Thursday, August 27, 2015
Thursday, August 13, 2015
Good-bye to an Implant Innovator
Christmas
time 2014 was a sad time for those of us who regularly restored dental
implants. The innovator of the osseointegrated dental implant passed away. Per-Ingvar
Branemark died at the age of 85 of a heart attack in his home town of
Gothenburg, Sweden. The interesting trivia is this development of dental implants
was basically an accident. At the start of his career Branemark was studying blood
flow affects on bone healing in 1952. As part of this study he was encased in
embedding titanium into the legs of various mammals and when the research ended
he went to remove the titanium devices and discovered that it had fused to be
bone and could not be removed. He called this process osseointegration and at
that time his research took on a totally different direction. Interestingly
enough, wanting to broaden his test subjects he actually enlisted 20 students
working in his laboratory to have titanium instruments inserted in their upper
arms. Apparently every male in the laboratory was considered a volunteer and
many of them have scars to this very day. But even after years of
experimentation it was difficult to convince the medical and dental
establishments that titanium could be integrated into living tissue.

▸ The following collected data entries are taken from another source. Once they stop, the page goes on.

(* Let $\alpha,\beta\in[0,r]\cap A$ with $\alpha<\beta$, and $I=(\alpha,\beta)$. Let $x\in\mathbf F_I$ with $\mathrm{fix}(x)\cap I\cap A=\varnothing$, and let $C$ be the centralizer of $x$ in $\mathbf F_I$. Let $\phi\colon\mathbf F_I\to\Lambda$ be $y\mapsto(\alpha)y'^{+}$. Then $\phi$ is a group homomorphism and its restriction to $C$ is injective. The same holds for $\phi\colon\mathbf F_I\to\Lambda$, $y\mapsto(\beta)y'^{-}$.
   Context: Maps act on the right. Fix real $r>0$, a subgroup $\Lambda\neq\{1\}$ of $\mathbb R^*_+$, and an additive subgroup $A\subseteq\mathbb R$ with $r\in A$ and $\lambda A\subseteq A$ for $\lambda\in\Lambda$. $\mathbf F=\mathbf F(r,\Lambda,A)$ is the group of homeomorphisms $x\colon[0,r)\to[0,r)$ that are piecewise affine with finitely many breakpoints, all slopes in $\Lambda$, and all breakpoints and their images in $A$; each extends uniquely to a homeomorphism of $[0,r]$. For a permutation $x$, $\mathrm{fix}(x)$ is its fixed point set and $\mathrm{supp}(x)$ its complement. For $S\subseteq[0,r)$, $\mathbf F_S=\{x\in\mathbf F\mid\mathrm{supp}(x)\subseteq S\}$. For a map $g$ affine on an open interval $(\gamma,\delta)$, $(\gamma)g'^{+}$ and $(\delta)g'^{-}$ denote the slope of $g$ there (at $r$ one uses the extension to $[0,r]$). *)

From Stdlib Require Import Reals.
Open Scope R_scope.

Definition pos_mult_subgroup (Lam : R -> Prop) : Prop :=
  (forall l, Lam l -> 0 < l) /\ Lam 1 /\
  (forall l m, Lam l -> Lam m -> Lam (l * m)) /\
  (forall l, Lam l -> Lam (/ l)).

Definition add_subgroup (A : R -> Prop) : Prop :=
  A 0 /\ (forall a b, A a -> A b -> A (a + b)) /\ (forall a, A a -> A (- a)).

Definition F_params (r : R) (Lam A : R -> Prop) : Prop :=
  0 < r /\ pos_mult_subgroup Lam /\ (exists l, Lam l /\ l <> 1) /\
  add_subgroup A /\ A r /\ (forall l a, Lam l -> A a -> A (l * a)).

(* x : R -> R represents an element of F(r,Lam,A): its restriction to [0,r)
   is a homeomorphism of [0,r) onto itself which is piecewise affine with
   finitely many breakpoints, slopes in Lam, breakpoints and their images in A.
   The breakpoints are among the subdivision points 0 = t 0 < ... < t n = r;
   x is affine on each closed piece [t i, t (i+1)] (so the value x r is the
   value of the unique extension to [0,r]). *)
Definition inF (r : R) (Lam A : R -> Prop) (x : R -> R) : Prop :=
  (exists (n : nat) (t : nat -> R),
      t 0%nat = 0 /\ t n = r /\
      (forall i, (i < n)%nat -> t i < t (S i)) /\
      (forall i, (i <= n)%nat -> A (t i) /\ A (x (t i))) /\
      (forall i, (i < n)%nat -> exists l, Lam l /\
          forall s, t i <= s <= t (S i) -> x s = x (t i) + l * (s - t i))) /\
  (forall s, 0 <= s < r -> 0 <= x s < r) /\
  (forall s u, 0 <= s < r -> 0 <= u < r -> x s = x u -> s = u) /\
  (forall y, 0 <= y < r -> exists s, 0 <= s < r /\ x s = y).

Definition F_eq (r : R) (x y : R -> R) : Prop :=
  forall s, 0 <= s < r -> x s = y s.

(* Right action: (t)(xy) = ((t)x)y, so the product xy is  y o x. *)
Definition F_mul (x y : R -> R) : R -> R := fun t => y (x t).

Definition inF_S (r : R) (Lam A : R -> Prop) (S : R -> Prop) (x : R -> R) : Prop :=
  inF r Lam A x /\ (forall t, 0 <= t < r -> x t <> t -> S t).

Definition open_int (a b : R) : R -> Prop := fun t => a < t < b.

Definition rslope (g : R -> R) (a l : R) : Prop :=
  exists eps c, 0 < eps /\ forall s, a < s < a + eps -> g s = c + l * s.

Definition lslope (g : R -> R) (b l : R) : Prop :=
  exists eps c, 0 < eps /\ forall s, b - eps < s < b -> g s = c + l * s.

From Stdlib Require Import Reals Lra Lia Classical.
Open Scope R_scope.

(* Every element of F fixes alpha and beta and is affine on a one-sided
   neighbourhood of each point, which gives existence of the slopes and,
   by composing two affine germs at a common fixed point, multiplicativity.
   Injectivity is a continuation argument on plain real functions: if y, z
   commute with x, agree just to the right of alpha, and at each point of I
   either x moves the point or y and z are both affine near it, then
   y = z on all of I.  The set of initial segments (alpha, q) on which
   y = z is stable under x and x^-1, so it cannot stop at a point moved by
   x; at a point not moved by x it extends by affinity.  The statements at
   beta follow from those at alpha through the reflection s |-> -s. *)

Definition right_piece (f : R -> R) (a l : R) : Prop :=
  exists d, 0 < d /\ forall s, a <= s <= a + d -> f s = f a + l * (s - a).

Definition left_piece (f : R -> R) (b l : R) : Prop :=
  exists d, 0 < d /\ forall s, b - d <= s <= b -> f s = f b + l * (s - b).

Definition affine_near (f : R -> R) (q : R) : Prop :=
  exists d c m, 0 < d /\ forall s, q - d < s < q + d -> f s = c + m * s.

Definition agree (y z : R -> R) (a q : R) : Prop :=
  forall s, a < s < q -> y s = z s.

Definition mirror (f : R -> R) : R -> R := fun s => - f (- s).

Lemma lines_equal a1 m1 a2 m2 s1 s2 :
  s1 < s2 -> a1 + m1 * s1 = a2 + m2 * s1 -> a1 + m1 * s2 = a2 + m2 * s2 ->
  m1 = m2 /\ a1 = a2.
Proof.
  intros Hs E1 E2.
  assert (Hm : (m1 - m2) * (s2 - s1) = 0).
  { replace ((m1 - m2) * (s2 - s1))
      with ((a1 + m1 * s2 - (a2 + m2 * s2)) - (a1 + m1 * s1 - (a2 + m2 * s1))) by ring.
    rewrite E1, E2. ring. }
  destruct (Rmult_integral _ _ Hm) as [H | H]; [| lra].
  assert (m1 = m2) as <- by lra. split; [reflexivity | lra].
Qed.

Lemma rslope_of_right_piece f a l : right_piece f a l -> rslope f a l.
Proof.
  intros [d [Hd Hf]]. exists d, (f a - l * a). split; [exact Hd |].
  intros s Hs. rewrite Hf by lra. ring.
Qed.

Lemma rslope_unique f a l m : right_piece f a l -> rslope f a m -> m = l.
Proof.
  intros [d [Hd Hf]] [e [c [He Hs]]].
  set (h := Rmin d e).
  assert (0 < h) by (apply Rmin_glb_lt; lra).
  pose proof (Rmin_l d e). pose proof (Rmin_r d e). fold h in H0, H1.
  assert (E1 : c + m * (a + h / 3) = (f a - l * a) + l * (a + h / 3))
    by (rewrite <- Hs, Hf by lra; ring).
  assert (E2 : c + m * (a + h / 2) = (f a - l * a) + l * (a + h / 2))
    by (rewrite <- Hs, Hf by lra; ring).
  apply (lines_equal _ _ _ _ (a + h / 3) (a + h / 2) ltac:(lra) E1 E2).
Qed.

Lemma rslope_ext f g a l : (forall s, f s = g s) -> rslope f a l -> rslope g a l.
Proof.
  intros Hfg [e [c [He Hf]]]. exists e, c. split; [exact He |].
  intros s Hs. rewrite <- Hfg. apply Hf, Hs.
Qed.

Lemma rslope_comp f g a l m :
  right_piece f a l -> f a = a -> 0 < l -> rslope g a m ->
  rslope (F_mul f g) a (l * m).
Proof.
  intros [d [Hd Hf]] Hfa Hl [e [c [He Hg]]].
  assert (0 < e / l) by (apply Rdiv_lt_0_compat; lra).
  exists (Rmin d (e / l)), (c + m * (a - l * a)).
  split; [apply Rmin_glb_lt; lra |].
  intros s Hs. pose proof (Rmin_l d (e / l)). pose proof (Rmin_r d (e / l)).
  unfold F_mul. rewrite Hf, Hfa by lra.
  assert (l * (s - a) < l * (e / l)) by (apply Rmult_lt_compat_l; lra).
  assert (l * (e / l) = e) by (field; lra).
  assert (0 < l * (s - a)) by (apply Rmult_lt_0_compat; lra).
  rewrite Hg by lra. ring.
Qed.

Lemma right_germs_agree y z a l :
  right_piece y a l -> right_piece z a l -> y a = z a ->
  exists e, 0 < e /\ agree y z a (a + e).
Proof.
  intros [dy [Hdy Hy]] [dz [Hdz Hz]] Hyz.
  exists (Rmin dy dz). split; [apply Rmin_glb_lt; lra |].
  intros s Hs. pose proof (Rmin_l dy dz). pose proof (Rmin_r dy dz).
  rewrite Hy, Hz by lra. congruence.
Qed.

Lemma left_germs_agree y z b l :
  left_piece y b l -> left_piece z b l -> y b = z b ->
  exists e, 0 < e /\ forall s, b - e < s < b -> y s = z s.
Proof.
  intros [dy [Hdy Hy]] [dz [Hdz Hz]] Hyz.
  exists (Rmin dy dz). split; [apply Rmin_glb_lt; lra |].
  intros s Hs. pose proof (Rmin_l dy dz). pose proof (Rmin_r dy dz).
  rewrite Hy, Hz by lra. congruence.
Qed.

(* The reflection exchanges left and right germs; this transports every
   statement about slopes at the right of a point to the left. *)

Lemma mirror_left_piece f b l : left_piece f b l -> right_piece (mirror f) (- b) l.
Proof.
  intros [d [Hd Hf]]. exists d. split; [exact Hd |].
  intros s Hs. unfold mirror. rewrite Ropp_involutive, (Hf (- s)) by lra. ring.
Qed.

Lemma lslope_mirror f b l : lslope f b l -> rslope (mirror f) (- b) l.
Proof.
  intros [e [c [He Hf]]]. exists e, (- c). split; [exact He |].
  intros s Hs. unfold mirror. rewrite Hf by lra. ring.
Qed.

Lemma rslope_mirror f b l : rslope (mirror f) (- b) l -> lslope f b l.
Proof.
  intros [e [c [He Hf]]]. exists e, (- c). split; [exact He |].
  intros s Hs. pose proof (Hf (- s) ltac:(lra)) as E.
  unfold mirror in E. rewrite Ropp_involutive in E. lra.
Qed.

Lemma mirror_F_mul f g s : F_mul (mirror f) (mirror g) s = mirror (F_mul f g) s.
Proof. unfold F_mul, mirror. rewrite Ropp_involutive. reflexivity. Qed.

Lemma lslope_of_left_piece f b l : left_piece f b l -> lslope f b l.
Proof.
  intros Hf. apply rslope_mirror, rslope_of_right_piece, mirror_left_piece, Hf.
Qed.

Lemma lslope_unique f b l m : left_piece f b l -> lslope f b m -> m = l.
Proof.
  intros Hf Hm.
  exact (rslope_unique _ _ _ _ (mirror_left_piece _ _ _ Hf) (lslope_mirror _ _ _ Hm)).
Qed.

Lemma lslope_comp f g b l m :
  left_piece f b l -> f b = b -> 0 < l -> lslope g b m ->
  lslope (F_mul f g) b (l * m).
Proof.
  intros Hf Hfb Hl Hg. apply rslope_mirror.
  apply (rslope_ext (F_mul (mirror f) (mirror g))); [apply mirror_F_mul |].
  apply rslope_comp; [apply mirror_left_piece, Hf | | exact Hl | apply lslope_mirror, Hg].
  unfold mirror. rewrite Ropp_involutive, Hfb. reflexivity.
Qed.

Lemma continuation a b (P : R -> Prop) :
  (exists e, 0 < e /\ forall s, a < s < a + e -> P s) ->
  (forall q, a < q < b -> (forall s, a < s < q -> P s) ->
     exists u, q < u /\ forall s, a < s < u -> P s) ->
  forall s, a < s < b -> P s.
Proof.
  intros [e [He Hinit]] Hstep s0 Hs0.
  set (E := fun u => a < u /\ forall s, a < s < u -> P s).
  assert (Hfail : forall s, a < s -> ~ P s -> is_upper_bound E s).
  { intros s Hs Hns u [_ Hu]. destruct (Rle_or_lt u s) as [| Hlt]; [assumption |].
    exfalso. apply Hns, Hu. lra. }
  destruct (classic (P s0)) as [| Hns0]; [assumption | exfalso].
  assert (Hstart : E (Rmin (a + e) s0)).
  { pose proof (Rmin_l (a + e) s0).
    split; [apply Rmin_glb_lt; lra | intros s Hs; apply Hinit; lra]. }
  pose proof (Hfail s0 ltac:(lra) Hns0) as Hbound.
  destruct (completeness E (ex_intro _ s0 Hbound) (ex_intro _ _ Hstart)) as [q [Hub Hlub]].
  pose proof (Hub _ Hstart). pose proof (Rmin_glb_lt (a + e) s0 a ltac:(lra) ltac:(lra)).
  pose proof (Hlub s0 Hbound).
  assert (Hbelow : forall s, a < s < q -> P s).
  { intros s Hs. destruct (classic (P s)) as [| Hns]; [assumption |].
    pose proof (Hlub s (Hfail s ltac:(lra) Hns)). lra. }
  destruct (Hstep q ltac:(lra) Hbelow) as [u [Hqu Hu]].
  assert (Hu' : E u) by (split; [lra | exact Hu]).
  pose proof (Hub u Hu'). lra.
Qed.

Lemma affine_extend y z a q :
  a < q -> affine_near y q -> affine_near z q -> agree y z a q ->
  exists u, q < u /\ agree y z a u.
Proof.
  intros Haq [dy [cy [my [Hdy Hy]]]] [dz [cz [mz [Hdz Hz]]]] Hag.
  set (h := Rmin (Rmin dy dz) (q - a)).
  assert (0 < h) by (repeat apply Rmin_glb_lt; lra).
  pose proof (Rmin_l (Rmin dy dz) (q - a)). pose proof (Rmin_r (Rmin dy dz) (q - a)).
  pose proof (Rmin_l dy dz). pose proof (Rmin_r dy dz). fold h in H0, H1.
  assert (E1 : cy + my * (q - h / 2) = cz + mz * (q - h / 2))
    by (rewrite <- Hy, <- Hz by lra; apply Hag; lra).
  assert (E2 : cy + my * (q - h / 4) = cz + mz * (q - h / 4))
    by (rewrite <- Hy, <- Hz by lra; apply Hag; lra).
  destruct (lines_equal _ _ _ _ (q - h / 2) (q - h / 4) ltac:(lra) E1 E2) as [-> ->].
  exists (q + h). split; [lra |]. intros s Hs.
  destruct (Rlt_or_le s q); [apply Hag; lra |]. rewrite Hy, Hz by lra. reflexivity.
Qed.
(* Let $f:U\to\mathbb{R}^3$ be a Guichard net and $\hat f$ an associated system of $f$ given by $d\hat f=\sum_{m=1}^3h_m\partial_mf\,dx_m$. Then, for each $i\in\{1,2,3\}$, the coordinate surfaces $x_i=\mathrm{const}$ of $f$ are totally umbilic if and only if $\partial_ih_i=0$.
   Context: $U\subset\mathbb{R}^3$ open connected, coordinates $(x_1,x_2,x_3)=(x,y,z)$, $\partial_i=\partial_{x_i}$. A triply orthogonal system is $f:U\to\mathbb{R}^3$ with $\det(\partial_1f,\partial_2f,\partial_3f)\ne0$ and $(\partial_if,\partial_jf)=0$ for $i\ne j$. For $(i,j,k)$ cyclic, $N_i=\partial_jf\times\partial_kf/|\cdot|$, Lamé coefficients $H_i$ by $\partial_if=H_iN_i$, rotational coefficients $\beta_{ij}=\frac1{H_i}\partial_iH_j$, and $\kappa_{ij}=-\beta_{ij}/H_j$ (principal curvature of $x_i=\mathrm{const}$ along $x_j$-lines); the surfaces $x_i=\mathrm{const}$ are totally umbilic if $\kappa_{ij}=\kappa_{ik}$. A Guichard net satisfies $H_1^2+H_2^2-H_3^2=0$. Its associated systems are $\hat f$ with $d\hat f=\sum h_m\partial_mf\,dx_m$, where $(h_1,h_2,h_3)$ solves $\partial_xh_3=-\frac{H_2}{H_3}\kappa_{13}$, $\partial_yh_3=\frac{H_1}{H_3}\kappa_{23}$, $\partial_zh_3=-\frac{H_1H_2}{H_3^2}(\kappa_{31}-\kappa_{32})$, $h_1=h_3+\frac{H_2}{H_1H_3}$, $h_2=h_3-\frac{H_1}{H_2H_3}$. *)

From Stdlib Require Import Reals List.
From Coquelicot Require Import Coquelicot.
Open Scope R_scope.

Inductive idx := I1 | I2 | I3.
Definition nxt (i : idx) : idx :=
  match i with I1 => I2 | I2 => I3 | I3 => I1 end.

Definition R3 := (R * R * R)%type.
Definition crd (i : idx) (p : R3) : R :=
  match i with I1 => fst (fst p) | I2 => snd (fst p) | I3 => snd p end.
Definition upd (i : idx) (p : R3) (t : R) : R3 :=
  match i with
  | I1 => (t, snd (fst p), snd p)
  | I2 => (fst (fst p), t, snd p)
  | I3 => (fst (fst p), snd (fst p), t)
  end.

Definition dot (a b : R3) : R :=
  crd I1 a * crd I1 b + crd I2 a * crd I2 b + crd I3 a * crd I3 b.
Definition cross (a b : R3) : R3 :=
  (crd I2 a * crd I3 b - crd I3 a * crd I2 b,
   crd I3 a * crd I1 b - crd I1 a * crd I3 b,
   crd I1 a * crd I2 b - crd I2 a * crd I1 b).
Definition scal (c : R) (a : R3) : R3 :=
  (c * crd I1 a, c * crd I2 a, c * crd I3 a).
Definition norm3 (a : R3) : R := sqrt (dot a a).
Definition det3 (a b c : R3) : R := dot a (cross b c).

Definition pdiff (i : idx) (g : R3 -> R) (p : R3) : Prop :=
  ex_derive (fun t => g (upd i p t)) (crd i p).
Definition pd (i : idx) (g : R3 -> R) (p : R3) : R :=
  Derive (fun t => g (upd i p t)) (crd i p).
Definition comp (F : R3 -> R3) (m : idx) : R3 -> R := fun q => crd m (F q).
Definition vpd (i : idx) (F : R3 -> R3) (p : R3) : R3 :=
  (pd i (comp F I1) p, pd i (comp F I2) p, pd i (comp F I3) p).

Fixpoint iter_pd (l : list idx) (g : R3 -> R) : R3 -> R :=
  match l with nil => g | i :: l' => pd i (iter_pd l' g) end.
Definition smooth_on (U : R3 -> Prop) (g : R3 -> R) : Prop :=
  forall (l : list idx) (i : idx) (p : R3), U p -> pdiff i (iter_pd l g) p.
Definition vsmooth_on (U : R3 -> Prop) (F : R3 -> R3) : Prop :=
  forall m, smooth_on U (comp F m).

Definition open3 (U : R3 -> Prop) : Prop :=
  forall p, U p -> exists e, 0 < e /\
    forall q, (forall i, Rabs (crd i q - crd i p) < e) -> U q.
Definition connected3 (U : R3 -> Prop) : Prop :=
  (exists p, U p) /\
  forall A B : R3 -> Prop, open3 A -> open3 B ->
    (forall p, U p -> A p \/ B p) ->
    (forall p, U p -> ~ (A p /\ B p)) ->
    (forall p, U p -> A p) \/ (forall p, U p -> B p).

Definition triply_orthogonal (U : R3 -> Prop) (f : R3 -> R3) : Prop :=
  vsmooth_on U f /\
  forall p, U p ->
    det3 (vpd I1 f p) (vpd I2 f p) (vpd I3 f p) <> 0 /\
    forall i j, i <> j -> dot (vpd i f p) (vpd j f p) = 0.

Definition Nvec (f : R3 -> R3) (i : idx) (p : R3) : R3 :=
  let c := cross (vpd (nxt i) f p) (vpd (nxt (nxt i)) f p) in
  scal (/ norm3 c) c.
(** Lamé coefficient H_i : the scalar with ∂_i f = H_i N_i
    (N_i is a unit vector parallel to ∂_i f, so H_i = (∂_i f, N_i)). *)
Definition Lame (f : R3 -> R3) (i : idx) (p : R3) : R :=
  dot (vpd i f p) (Nvec f i p).
Definition beta (f : R3 -> R3) (i j : idx) (p : R3) : R :=
  / Lame f i p * pd i (Lame f j) p.
Definition kappa (f : R3 -> R3) (i j : idx) (p : R3) : R :=
  - beta f i j p / Lame f j p.

Definition totally_umbilic (U : R3 -> Prop) (f : R3 -> R3) (i : idx) : Prop :=
  forall p, U p -> kappa f i (nxt i) p = kappa f i (nxt (nxt i)) p.

Definition guichard_net (U : R3 -> Prop) (f : R3 -> R3) : Prop :=
  triply_orthogonal U f /\
  forall p, U p ->
    (Lame f I1 p)^2 + (Lame f I2 p)^2 - (Lame f I3 p)^2 = 0.

Definition hsel (h1 h2 h3 : R3 -> R) (m : idx) : R3 -> R :=
  match m with I1 => h1 | I2 => h2 | I3 => h3 end.

Definition associated_system (U : R3 -> Prop) (f fhat : R3 -> R3)
    (h1 h2 h3 : R3 -> R) : Prop :=
  (forall m p, U p -> pdiff m h3 p) /\
  (forall m n p, U p -> pdiff m (comp fhat n) p) /\
  forall p, U p ->
    let H1 := Lame f I1 p in let H2 := Lame f I2 p in let H3 := Lame f I3 p in
    (forall m, vpd m fhat p = scal (hsel h1 h2 h3 m p) (vpd m f p)) /\
    pd I1 h3 p = - (H2 / H3) * kappa f I1 I3 p /\
    pd I2 h3 p = (H1 / H3) * kappa f I2 I3 p /\
    pd I3 h3 p = - (H1 * H2 / H3 ^ 2) * (kappa f I3 I1 p - kappa f I3 I2 p) /\
    h1 p = h3 p + H2 / (H1 * H3) /\
    h2 p = h3 p - H1 / (H2 * H3).

From Pilot Require Import Defs.
From Stdlib Require Import Reals Lra.
From Coquelicot Require Import Coquelicot.
Open Scope R_scope.

(* For distinct i, j, k the difference kappa_ij - kappa_ik equals
   (H_j ∂_iH_k - H_k ∂_iH_j) / (H_i H_j H_k).  Differentiating
   h_1 = h_3 + H_2 / (H_1 H_3) along x_1 and inserting the prescribed ∂_1h_3,
   the kappa-terms cancel and ∂_1h_1 = (H_1 ∂_1H_2 - H_2 ∂_1H_1) / (H_1^2 H_3).
   The Guichard condition H_1^2 + H_2^2 = H_3^2 and its derivative
   H_1 ∂_1H_1 + H_2 ∂_1H_2 = H_3 ∂_1H_3 give
     H_3 (H_3 ∂_1H_2 - H_2 ∂_1H_3) = H_1 (H_1 ∂_1H_2 - H_2 ∂_1H_1),
   so both numerators vanish together.  The case x_2 is symmetric, and for x_3
   the prescribed ∂_3h_3 is already a nonzero multiple of kappa_31 - kappa_32. *)

Lemma Rdiv_eq_0_iff x y : y <> 0 -> x / y = 0 <-> x = 0.
Proof.
  intros Hy; split; intros H.
  - replace x with (x / y * y) by (field; exact Hy). rewrite H; ring.
  - rewrite H; apply Rdiv_0_l.
Qed.

Lemma upd_crd i p : upd i p (crd i p) = p.
Proof. destruct p as [[a b] c]; destruct i; reflexivity. Qed.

The
conventional wisdom that the introduction of any foreign material into the body
would inevitably lead to inflammation and ultimate rejection. Dr. Branemark was
further challenged in his work and at lecture in 1969 he was challenged
by one of the senior academics of Swedish dentistry who referred to a Reader’s Digest article involving Dr. Branemark saying, “this may prove to be a popular
article but I simply do not trust people who publish themselves in Readers
Digest.” As it happened, that senior academic was also well know to the Swedish public
for recommending a particular brand of toothpicks, so Dr. Branemark immediately
rose up and struck back saying, “I do not trust people who advertise themselves
on the backs of boxes of toothpicks.”
Following that, the United States Institute of Health financed his
projects and in the mid 70s Swedish National Board of Health and Welfare approved Branemark's implants which would therefore replace the implant
systems that I learned at UCLA in dental school in the early 70s, which were blade
implants and subperiosteal implants, which were often prone to rejection, which is the
reason for the distrust of Brandenmark's research. The turning point came in
1982 in Toronto where he finally won wide spread recognition for his materials
and methods. His dental implant system is currently sold by Novel Biocare, a
publicly traded company, but there are many many different implant suppliers in
the United States at this time. I personally restore more than 6 brands of
implants from different surgeons. In addition to dental implants, this research
has gone a long way to provide the millions of people with other osseo
integrated replacements. So even if you are not a dental implant patient, you
may have an artificial hip or knee, then you should take a moment to thank Dr. Per-Ingvar
Branemark for his help in resolving your complex medical needs. Thanks again
Dr. Branemark we miss you and our prayers go with your family.